Police have arrested a 55-year-old man accused of threatening to poison drinking water in Prague. The arrest comes after heightened security measures were put in place at reservoirs and water treatment plants after the mayor of Prague received the anonymous threat on Tuesday. The blackmailer threatened to poison the capital's water with cyanide and mercury. The letter contained a demand for an unspecified amount of money.
Meanwhile doctors serving at the Czech Army field hospital in the Iraqi city of Basra say they are seeking donors to pay for medicines for sick children there. One doctor serving with the unit said a lack of medicines at Basra Children's Hospital meant only a limited number of operations - including blood transfusions - could be performed.
The Health Ministry has said around a dozen seriously ill Iraqi children will receive medical treatment in the Czech Republic. The first three patients will arrive on August 7th and will be admitted to Prague's Motol Hospital. A spokeswoman said the hospital was ready to admit as many children as necessary. The treatment will be paid for by the Czech government. The children are suffering from a number of illnesses including heart conditions.
Bailiffs have seized assets belonging to the Fischer travel agency, which went into forced administration last week. Bailiffs seized the company's Prague headquarters, a branch office in Ostrava and also Vaclav Fischer's private villa. Mr Fischer, until recently a senator, built up the company into the country's most successful travel agencies, with its own charter airline. However the company has been in difficulty for some time, and according to media reports owes Czech Airlines, the Czech Airport Authority and Komercni Banka more than 15 million dollars.
Police say they have arrested a fifty-five-year old man suspected of threatening to poison drinking water in Prague this week. A police spokeswoman said the man is suspected of scaremongering and blackmail. An anonymous blackmailer wrote to the mayor of Prague Pavel Bem on Tuesday threatening to poison drinking water in pipes in Prague with cyanide and mercury unless given an unspecified amount of money. If convicted, the man is facing up to three years in prison.

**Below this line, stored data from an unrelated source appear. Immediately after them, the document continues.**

(* Let $w$ be a metric on a finite set $V$, let $T$ be a minimum spanning tree of $G_w$, and let $\mathcal{T}$ be a collection of pairwise edge-disjoint subtrees of $T$. Then $$\mathsf{TSP}(w)\le 2\cdot \mathsf{MST}(w)-\frac12\sum_{T'\in\mathcal{T}}\mathsf{adv}(T').$$
   Context: $V$ is a finite set with $|V|=n\ge 3$ and $w$ a metric on $V$. $G_w$ is the complete graph on $V$ where the edge (pair) $(u,v)$ has weight $w(u,v)$; for a set (or multiset) $E'$ of pairs, $w(E')=\sum_{e\in E'}w(e)$, and for a subgraph $H$, $w(H)=w(E(H))$. $\mathsf{MST}(w)$ is the weight of a minimum spanning tree of $G_w$ and $\mathsf{TSP}(w)$ is the minimum weight of a Hamiltonian cycle of $G_w$. Fix a minimum spanning tree $T$ of $G_w$. For a pair $e=(u,v)$ of distinct vertices, $P^T_e$ denotes the unique $u$–$v$ path in $T$. An edge $f\in E(T)$ is covered by a pair $e$ iff $f\in E(P^T_e)$ (in particular an edge of $T$ covers exactly itself); $\mathsf{cov}(e)$ is the set of edges of $T$ covered by $e$, and $\mathsf{cov}(E')=\bigcup_{e\in E'}\mathsf{cov}(e)$. For a subtree $T'$ of $T$, $\mathsf{cov}(E',T')=\mathsf{cov}(E')\cap E(T')$, and the cover advantage of $E'$ on $T'$ is $\mathsf{adv}(E',T')=w(\mathsf{cov}(E',T'))-w(E')$. The optimal cover advantage $\mathsf{adv}(T')$ is the maximum of $\mathsf{adv}(E',T')$ over all sets $E'$ of pairs each having at least one endpoint in $V(T')$. *)

From HB Require Import structures.
From mathcomp Require Import all_boot all_order all_algebra all_fingroup.
From mathcomp Require Import boolp.
Set Implicit Arguments. Unset Strict Implicit. Unset Printing Implicit Defensive.
Import Order.TTheory GRing.Theory Num.Theory.
Local Open Scope ring_scope.

Section Defs.
Variables (R : realFieldType) (V : finType).

Definition metric (w : V -> V -> R) : Prop :=
  [/\ forall x, w x x = 0,
      forall x y, x != y -> 0 < w x y,
      forall x y, w x y = w y x &
      forall x y z, w x z <= w x y + w y z].

(* pairs (edges of the complete graph G_w) are 2-element subsets of V *)
Definition pairs : {set {set V}} := [set e : {set V} | #|e| == 2%N].

Definition wE (w : V -> V -> R) (e : {set V}) : R :=
  if [pick x in e] is Some x then
    (if [pick y in e :\ x] is Some y then w x y else 0) else 0.

Definition wset (w : V -> V -> R) (E : {set {set V}}) : R := \sum_(e in E) wE w e.

Definition tadj (F : {set {set V}}) : rel V := fun x y => [set x; y] \in F.

Definition spanning (F : {set {set V}}) : bool :=
  [&& F \subset pairs, #|F| == (#|V| - 1)%N &
      [forall x, forall y, connect (tadj F) x y]].

(* minimum of a finite sequence of reals (0 on the empty sequence) *)
Definition minseq (s : seq R) : R := foldr Num.min (head 0 s) s.

Definition MST (w : V -> V -> R) : R :=
  minseq [seq wset w F | F <- enum [pred F | spanning F]].

Definition is_MST (w : V -> V -> R) (T : {set {set V}}) : Prop :=
  spanning T /\ (forall F, spanning F -> wset w T <= wset w F).

(* Hamiltonian cycles are given by cyclic permutations s of V (a single cycle
   through all vertices); their edge set is {{x, s x} | x in V}. *)
Definition hamiltonian (s : {perm V}) : bool :=
  [forall x, forall y, fconnect s x y].

Definition ham_edges (s : {perm V}) : {set {set V}} := [set [set x; s x] | x : V].

Definition TSP (w : V -> V -> R) : R :=
  minseq [seq wset w (ham_edges s) | s <- enum [pred s : {perm V} | hamiltonian s]].

(* simple paths u = x0, x1, ..., xk = v in the graph with edge set T, given as
   u :: p, and their edge sets *)
Definition tpath (T : {set {set V}}) (u v : V) (p : seq V) : Prop :=
  [/\ path (tadj T) u p, last u p = v & uniq (u :: p)].

Definition pedges (u : V) (p : seq V) : {set {set V}} :=
  [set e in [seq [set xy.1; xy.2] | xy <- zip (u :: p) p]].

(* cov(e): edges of T on the (unique) T-path P^T_e between the ends of e *)
Definition cov (T : {set {set V}}) (e : {set V}) : {set {set V}} :=
  [set f in T | `[< exists u v p, [/\ e = [set u; v], tpath T u v p & f \in pedges u p] >]].

Definition covS (T E : {set {set V}}) : {set {set V}} := \bigcup_(e in E) cov T e.

Definition Vt (T' : {set {set V}}) : {set V} := [set x | [exists e in T', x \in e]].

Definition subtree (T T' : {set {set V}}) : Prop :=
  T' \subset T /\ (forall x y, x \in Vt T' -> y \in Vt T' -> connect (tadj T') x y).

Definition adv_set (w : V -> V -> R) (T E T' : {set {set V}}) : R :=
  wset w (covS T E :&: T') - wset w E.

(* adv(T'): maximum over sets E' of pairs each with an endpoint in V(T');
   E' = set0 is admissible with value 0, so the max with neutral 0 is exact *)
Definition adv (w : V -> V -> R) (T T' : {set {set V}}) : R :=
  \big[Num.max/0]_(E : {set {set V}} |
      (E \subset pairs) && [forall e in E, [exists x in Vt T', x \in e]])
    adv_set w T E T'.

End Defs.

From HB Require Import structures.
From mathcomp Require Import all_boot all_order all_algebra all_fingroup.
From mathcomp Require Import boolp.
From mathcomp Require Import ring lra zify.
Set Implicit Arguments. Unset Strict Implicit. Unset Printing Implicit Defensive.
Import Order.TTheory GRing.Theory Num.Theory.
Local Open Scope ring_scope.

(* Let U be the union of optimal sets E_T' (T' in the family). As the subtrees are
   edge-disjoint, sum adv(T') <= w(cov U) - w(U). For S a subset of U let X_S be the
   set of tree edges lying on an odd number of the tree paths P_e, e in S. Then X_S
   is a T-join for the odd-degree vertices of S, so S, X_S and two copies of T \ X_S
   form a connected multigraph with all degrees even; shortcutting an Euler tour of it
   gives TSP <= 2 w(T) - w(X_S) + w(S). Every e in U lies in S, and every edge of
   cov(U) lies in X_S, for exactly half of the subsets S of U; averaging over S yields
   one with w(X_S) - w(S) >= (w(cov U) - w(U)) / 2. *)

Section Minseq.
Variable R : realFieldType.

Lemma minseq_le (s : seq R) x : x \in s -> minseq s <= x.
Proof.
rewrite /minseq; elim: s {1}(head 0 s) => // y s IH a.
by rewrite inE /= ge_min => /orP[/eqP->|/IH->]; rewrite ?lexx ?orbT.
Qed.

Lemma minseq_ge (s : seq R) b : s != [::] -> (forall x, x \in s -> b <= x) -> b <= minseq s.
Proof.
rewrite /minseq; case: s => // y s _ hb /=; rewrite le_min hb ?mem_head //.
elim: s hb => /= [|z s IH] hb; first by apply: hb; rewrite mem_head.
rewrite le_min hb ?inE ?eqxx ?orbT // IH // => x; rewrite inE => /orP[/eqP->|xs].
  exact/hb/mem_head.
by apply: hb; rewrite !inE xs !orbT.
Qed.
Definition dot n (u w : 'cV[R]_n) : R := (u^T *m w) 0 0.
Definition vnorm n (u : 'cV[R]_n) : R := Num.sqrt (dot u u).

Definition angle n (u w : 'cV[R]_n) : R := acos (dot u w / (vnorm u * vnorm w)).

Definition frame := ('cV[R]_3 * 'cV[R]_3)%type.
Definition is_frame (F : frame) : Prop :=
  dot F.1 F.1 = 1 /\ dot F.2 F.2 = 1 /\ dot F.1 F.2 = 0.

Definition iota (F : frame) (x : 'cV[R]_2) : 'cV[R]_3 := x 0 0 *: F.1 + x 1 0 *: F.2.

(* The plane iota_F(P) = span(a,b), as a row space (rows a^T, b^T). *)
Definition plane (F : frame) : 'M[R]_(2, 3) := col_mx F.1^T F.2^T.

Definition generic3 (F1 F2 F3 : frame) : Prop :=
  let P1 := plane F1 in let P2 := plane F2 in let P3 := plane F3 in
  [/\ ~~ (P1 == P2)%MS, ~~ (P1 == P3)%MS & ~~ (P2 == P3)%MS] /\
  [/\ ~~ ((P1 :&: P2) == (P1 :&: P3))%MS,
      ~~ ((P1 :&: P2) == (P2 :&: P3))%MS &
      ~~ ((P1 :&: P3) == (P2 :&: P3))%MS].

Definition orthogonal3 (A : 'M[R]_3) : Prop := A *m A^T = 1%:M.

Definition act (A : 'M[R]_3) (F : frame) : frame := (A *m F.1, A *m F.2).

(* Common lines data, given by representatives v i j (= v_ij in P_i), with
   the pair (v i j, v j i) representing [v_ij : v_ji] for i <> j. *)
Definition common_lines_data N (v : 'I_N -> 'I_N -> 'cV[R]_2) : Prop :=
  forall i j : 'I_N, i != j ->
    (v i j != 0 \/ v j i != 0) /\ dot (v i j) (v i j) = dot (v j i) (v j i).

(* Strict spherical triangle inequalities for the triple (i,j,k), for every
   choice of representatives (c1,c2,c3 nonzero rescale the pairs
   {i,j}, {i,k}, {j,k}). *)
Definition strict_spherical_triangle N (v : 'I_N -> 'I_N -> 'cV[R]_2)
    (i j k : 'I_N) : Prop :=
  forall c1 c2 c3 : R, c1 != 0 -> c2 != 0 -> c3 != 0 ->
    let alpha := angle (c1 *: v i j) (c2 *: v i k) in
    let beta  := angle (c1 *: v j i) (c3 *: v j k) in
    let gamma := angle (c2 *: v k i) (c3 *: v k j) in
    [/\ beta + gamma > alpha, alpha + gamma > beta, alpha + beta > gamma &
        alpha + beta + gamma < 2 * pi].

Definition realizes (Fi Fj : frame) (vij vji : 'cV[R]_2) : Prop :=
  iota Fi vij = iota Fj vji.

End Defs.

From Pilot Require Import Defs.
From HB Require Import structures.
From mathcomp Require Import all_boot all_order all_algebra.
From mathcomp Require Import all_classical all_reals all_analysis.
From mathcomp Require Import ring lra.
Import Order.TTheory GRing.Theory Num.Theory.
Set Implicit Arguments. Unset Strict Implicit. Unset Printing Implicit Defensive.
Local Open Scope ring_scope.

(* The common lines of frames realizing the three pairs are vectors U_ij, U_ik, U_jk of R^3
   whose Gram matrix is dictated by the data: the norms |v_ij| and the cosines of the angles
   alpha, beta, gamma.  Its determinant, divided by the squared norms, factors as
   (cos (alpha - beta) - cos gamma) (cos gamma - cos (alpha + beta)), so the strict spherical
   triangle inequalities say precisely that this Gram matrix is positive definite; a Cholesky
   factorisation then realises it by three independent vectors.  A frame is determined by the
   images of two independent vectors of its plane, which gives the frames; independence of the
   three lines gives generic position; and the common lines of any other realisation have the
   same Gram matrix, hence are moved onto ours by an orthogonal map. *)

Section Realization.
Variable R : realType.
Implicit Types (p q x y : 'cV[R]_2) (F G : frame R).

Lemma sum_ord2 (V : zmodType) (f : 'I_2 -> V) : \sum_(c < 2) f c = f 0 + f 1.
Proof. rewrite !big_ord_recl big_ord0 addr0; congr (f _ + f _); exact: val_inj. Qed.

Lemma sum_ord3 (V : zmodType) (f : 'I_3 -> V) : \sum_(c < 3) f c = f 0 + f 1 + f 2.
Proof.
rewrite !big_ord_recl big_ord0 addr0 addrA; congr (f _ + f _ + f _); exact: val_inj.
Qed.

Lemma ord2P (r : 'I_2) : r = 0 \/ r = 1.
Proof. by case: r => [[|[|//]] ?]; [left | right]; apply/val_inj. Qed.

Lemma dotC n (u w : 'cV[R]_n) : dot u w = dot w u.
Proof. by rewrite /dot !mxE; apply: eq_bigr => l _; rewrite !mxE mulrC. Qed.

Lemma dotDl n (u u' w : 'cV[R]_n) : dot (u + u') w = dot u w + dot u' w.
Proof. by rewrite /dot !mxE -big_split; apply: eq_bigr => l _; rewrite !mxE mulrDl. Qed.

Lemma dotZl n a (u w : 'cV[R]_n) : dot (a *: u) w = a * dot u w.
Proof. by rewrite /dot !mxE mulr_sumr; apply: eq_bigr => l _; rewrite !mxE mulrA. Qed.

Lemma dotDr n (u w w' : 'cV[R]_n) : dot u (w + w') = dot u w + dot u w'.
Proof. by rewrite dotC dotDl !(dotC u). Qed.

Lemma dotZr n a (u w : 'cV[R]_n) : dot u (a *: w) = a * dot u w.
Proof. by rewrite dotC dotZl dotC. Qed.

Lemma dot_lincomb2 n (u w : 'cV[R]_n) a b c d :
  dot (a *: u + b *: w) (c *: u + d *: w) =
  a * c * dot u u + (a * d + b * c) * dot u w + b * d * dot w w.
Proof. rewrite !(dotDl, dotDr, dotZl, dotZr) (dotC w u); ring. Qed.

Lemma dot_ge0 n (u : 'cV[R]_n) : 0 <= dot u u.
Proof. by rewrite /dot mxE; apply: sumr_ge0 => l _; rewrite !mxE -expr2 sqr_ge0. Qed.

Lemma dot_gt0 n (u : 'cV[R]_n) : u != 0 -> 0 < dot u u.
Proof.
rewrite lt_def dot_ge0 andbT; apply: contra => d0; apply/eqP/matrixP => l m.
move: d0; rewrite (ord1 m) /dot mxE psumr_eq0 => [/allP/(_ l (mem_index_enum l))|l' _].
  by rewrite /= !mxE mulf_eq0 orbb => /eqP.
by rewrite !mxE -expr2 sqr_ge0.
Qed.

Lemma vnorm_sqr n (u : 'cV[R]_n) : vnorm u ^+ 2 = dot u u.
Proof. exact/sqr_sqrtr/dot_ge0. Qed.

Lemma vnorm_gt0 n (u : 'cV[R]_n) : 0 < dot u u -> 0 < vnorm u.
Proof. by rewrite /vnorm sqrtr_gt0. Qed.

Lemma dot_cV2 p q : dot p q = p 0 0 * q 0 0 + p 1 0 * q 1 0.
Proof. by rewrite /dot mxE sum_ord2 !mxE. Qed.

Definition det2 p q : R := p 0 0 * q 1 0 - p 1 0 * q 0 0.

Lemma det2_sqr p q : det2 p q ^+ 2 = dot p p * dot q q - dot p q ^+ 2.
Proof. rewrite /det2 !dot_cV2; ring. Qed.

Lemma det2_basis p q y : det2 p q != 0 ->
  y = (det2 y q / det2 p q) *: p + (det2 p y / det2 p q) *: q.
Proof.
rewrite /det2 => d0; apply/matrixP => r c; rewrite (ord1 c) !mxE.
by case: (ord2P r) => ->; field.
Qed.

Lemma iota_lincomb2 F a b p q :
  Defs.iota F (a *: p + b *: q) = a *: Defs.iota F p + b *: Defs.iota F q.
Proof. by apply/matrixP => r c; rewrite !mxE; ring. Qed.

Lemma iota_isometry F x y : is_frame F -> dot (Defs.iota F x) (Defs.iota F y) = dot x y.
Proof. by case=> h11 [h22 h12]; rewrite dot_lincomb2 h11 h22 h12 dot_cV2; ring. Qed.

Lemma iota_act (A : 'M[R]_3) F x : Defs.iota (act A F) x = A *m Defs.iota F x.
Proof. by rewrite /Defs.iota /act /= mulmxDr !scalemxAr. Qed.

Lemma frame_eq_of_iota F G p q : det2 p q != 0 ->
  Defs.iota F p = Defs.iota G p -> Defs.iota F q = Defs.iota G q -> F = G.
Proof.
move=> d0 Fp Fq.
have eFG y : Defs.iota F y = Defs.iota G y by rewrite (det2_basis y d0) !iota_lincomb2 Fp Fq.
have e1 := eFG (delta_mx 0 0); have e2 := eFG (delta_mx 1 0).
rewrite /Defs.iota !mxE /= !(scale1r, scale0r, addr0, add0r) in e1 e2.
by clear -e1 e2; case: F G e1 e2 => [a b] [a' b'] /= -> ->.
Qed.

Definition gram2_eq m n (u w : 'cV[R]_m) (u' w' : 'cV[R]_n) : Prop :=
  [/\ dot u' u' = dot u u, dot w' w' = dot w w & dot u' w' = dot u w].

Lemma exists_frame_through p q (P Q : 'cV[R]_3) : det2 p q != 0 -> gram2_eq p q P Q ->
  exists2 F, is_frame F & Defs.iota F p = P /\ Defs.iota F q = Q.
Proof.
move=> d0 [ePP eQQ ePQ]; set d := det2 p q.
exists ((q 1 0 / d) *: P + (- p 1 0 / d) *: Q, (- q 0 0 / d) *: P + (p 0 0 / d) *: Q).
  rewrite /is_frame /= !dot_lincomb2 ePP eQQ ePQ !dot_cV2 /d; rewrite /det2 in d0 *.
  by split; [|split]; field.
by split; apply/matrixP => r c; rewrite !mxE /d; rewrite /det2 in d0 *; field.
Qed.

Lemma plane0 F r : plane F 0 r = F.1 r 0.
Proof.
rewrite /plane; have -> : (0 : 'I_2) = @lshift 1 1 ord0 by apply/val_inj.
by have := col_mxEu F.1^T F.2^T ord0 r; rewrite [in RHS]mxE.
Qed.

Lemma plane1 F r : plane F 1 r = F.2 r 0.
Proof.
rewrite /plane; have -> : (1 : 'I_2) = @rshift 1 1 ord0 by apply/val_inj.
by have := col_mxEd F.1^T F.2^T ord0 r; rewrite [in RHS]mxE.
Qed.

Lemma iota_plane F x : (Defs.iota F x)^T = x^T *m plane F.
Proof.
by apply/matrixP => a r; rewrite (ord1 a) [RHS]mxE sum_ord2 plane0 plane1 !mxE.
Qed.

Lemma iota_sub_plane F x : ((Defs.iota F x)^T <= plane F)%MS.
Proof. by rewrite iota_plane submxMl. Qed.

Lemma sub_plane_lincomb F p q w : det2 p q != 0 -> (w^T <= plane F)%MS ->
  exists a b, w = a *: Defs.iota F p + b *: Defs.iota F q.
Proof.
move=> d0 /submxP[D /(congr1 trmx)]; rewrite trmxK -[D]trmxK -iota_plane trmxK => ->.
by rewrite (det2_basis D^T d0) iota_lincomb2; do 2 eexists.
Qed.

Definition mx_of_cols n (U : 'I_n -> 'cV[R]_n) : 'M[R]_n := \matrix_(l, c) U c l 0.

Lemma col_mx_of_cols n (U : 'I_n -> 'cV[R]_n) c : col c (mx_of_cols U) = U c.
Proof. by apply/matrixP => l m; rewrite (ord1 m) !mxE. Qed.

Lemma mx_of_colsMv n (U : 'I_n -> 'cV[R]_n) (x : 'cV[R]_n) :
  mx_of_cols U *m x = \sum_c x c 0 *: U c.
Proof.
apply/matrixP => l m; rewrite (ord1 m) !mxE summxE.
by apply: eq_bigr => c _; rewrite !mxE mulrC.
Qed.

Lemma gram_mx_of_cols n (U : 'I_n -> 'cV[R]_n) a b :
  ((mx_of_cols U)^T *m mx_of_cols U) a b = dot (U a) (U b).
Proof. by rewrite /dot !mxE; apply: eq_bigr => l _; rewrite !mxE. Qed.

Lemma gram_eq_sym m n (U V : 'I_m -> 'cV[R]_n) :
  (forall a b : 'I_m, a <= b -> dot (U a) (U b) = dot (V a) (V b))%N ->
  forall a b, dot (U a) (U b) = dot (V a) (V b).
Proof.
move=> h a b; case: (leqP a b) => [/h //| /ltnW/h].
by rewrite dotC (dotC (V b)).
Qed.

Lemma orthogonal_map_of_gram n (U V : 'I_n -> 'cV[R]_n) :
  mx_of_cols U \in unitmx -> (forall a b, dot (U a) (U b) = dot (V a) (V b)) ->
  exists2 A : 'M[R]_n, A *m A^T = 1%:M & forall c, A *m U c = V c.
Proof.
set T := mx_of_cols U; set T' := mx_of_cols V => uT gram.
have TT : T^T *m T = T'^T *m T' by apply/matrixP => a b; rewrite !gram_mx_of_cols.
exists (T' *m invmx T) => [|c].
  apply: mulmx1C; rewrite trmx_mul mulmxA -(mulmxA _ T'^T) -TT mulmxA -trmx_mul.
  by rewrite -mulmxA mulmxV // trmx1 mul1mx.
by rewrite -!(col_mx_of_cols _ c) -/T -/T' !colE mulmxA mulmxKV.
Qed.

Definition cols3 n (U0 U1 U2 : 'cV[R]_n) (c : 'I_3) : 'cV[R]_n := [:: U0; U1; U2]`_c.

Definition vec3 (a b c : R) : 'cV[R]_3 := \col_l [:: a; b; c]`_l.

Lemma dot_vec3 a b c a' b' c' :
  dot (vec3 a b c) (vec3 a' b' c') = a * a' + b * b' + c * c'.
Proof. by rewrite /dot mxE sum_ord3 !mxE. Qed.

Lemma cols3_free (U0 U1 U2 : 'cV[R]_3) a b c :
  mx_of_cols (cols3 U0 U1 U2) \in unitmx -> a *: U0 + b *: U1 + c *: U2 = 0 ->
  [/\ a = 0, b = 0 & c = 0].
Proof.
move=> uU h; have : mx_of_cols (cols3 U0 U1 U2) *m vec3 a b c = 0.
  by rewrite mx_of_colsMv sum_ord3 !mxE.
move/(congr1 (mulmx (invmx (mx_of_cols (cols3 U0 U1 U2))))).
rewrite mulKmx // mulmx0 => /matrixP e.
by have := (e 0 0, e 1 0, e 2 0); rewrite !mxE => -[[]].
Qed.

Lemma cols3_trig_unit a b c d e f : a * c * f != 0 ->
  mx_of_cols (cols3 (vec3 a 0 0) (vec3 b c 0) (vec3 d e f)) \in unitmx.
Proof.
move=> acf; rewrite -unitmx_tr unitmxE det_trig.
  by rewrite !big_ord_recl big_ord0 !mxE /= mulr1 unitfE mulrA.
apply/is_trig_mxP => l m; case: l => [[|[|[|//]]] ?]; case: m => [[|[|[|//]]] ?] //= _.
all: by rewrite !mxE.
Qed.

The mayor of the northern town of Usti nad Labem Radek Vonka has called on the Cervenak family to use the money they are to receive on the basis of the decision of the European Court of Human Rights to pay back the debts they have with the town. The family's lawyer Klara Vesela-Samkova rejected this, saying she will not recommend to the Cervanks to do so. The Strasbourg-based European Court of Human Rights confirmed on Tuesday that the Czech state had agreed to pay the Romany family an out of court settlement after a case they took was dealt with too slowly by the Czech courts. The Cervenak family are to receive 900,000 crowns in the settlement. The family took a case in 1993 against the town of Usti nad Labem, after losing their state flat when they briefly moved to Slovakia. According to the Usti and Labem town hall, the Cervenaks owe 30,000 crowns in rent and another 100,000 crowns in penalties for delay in payment.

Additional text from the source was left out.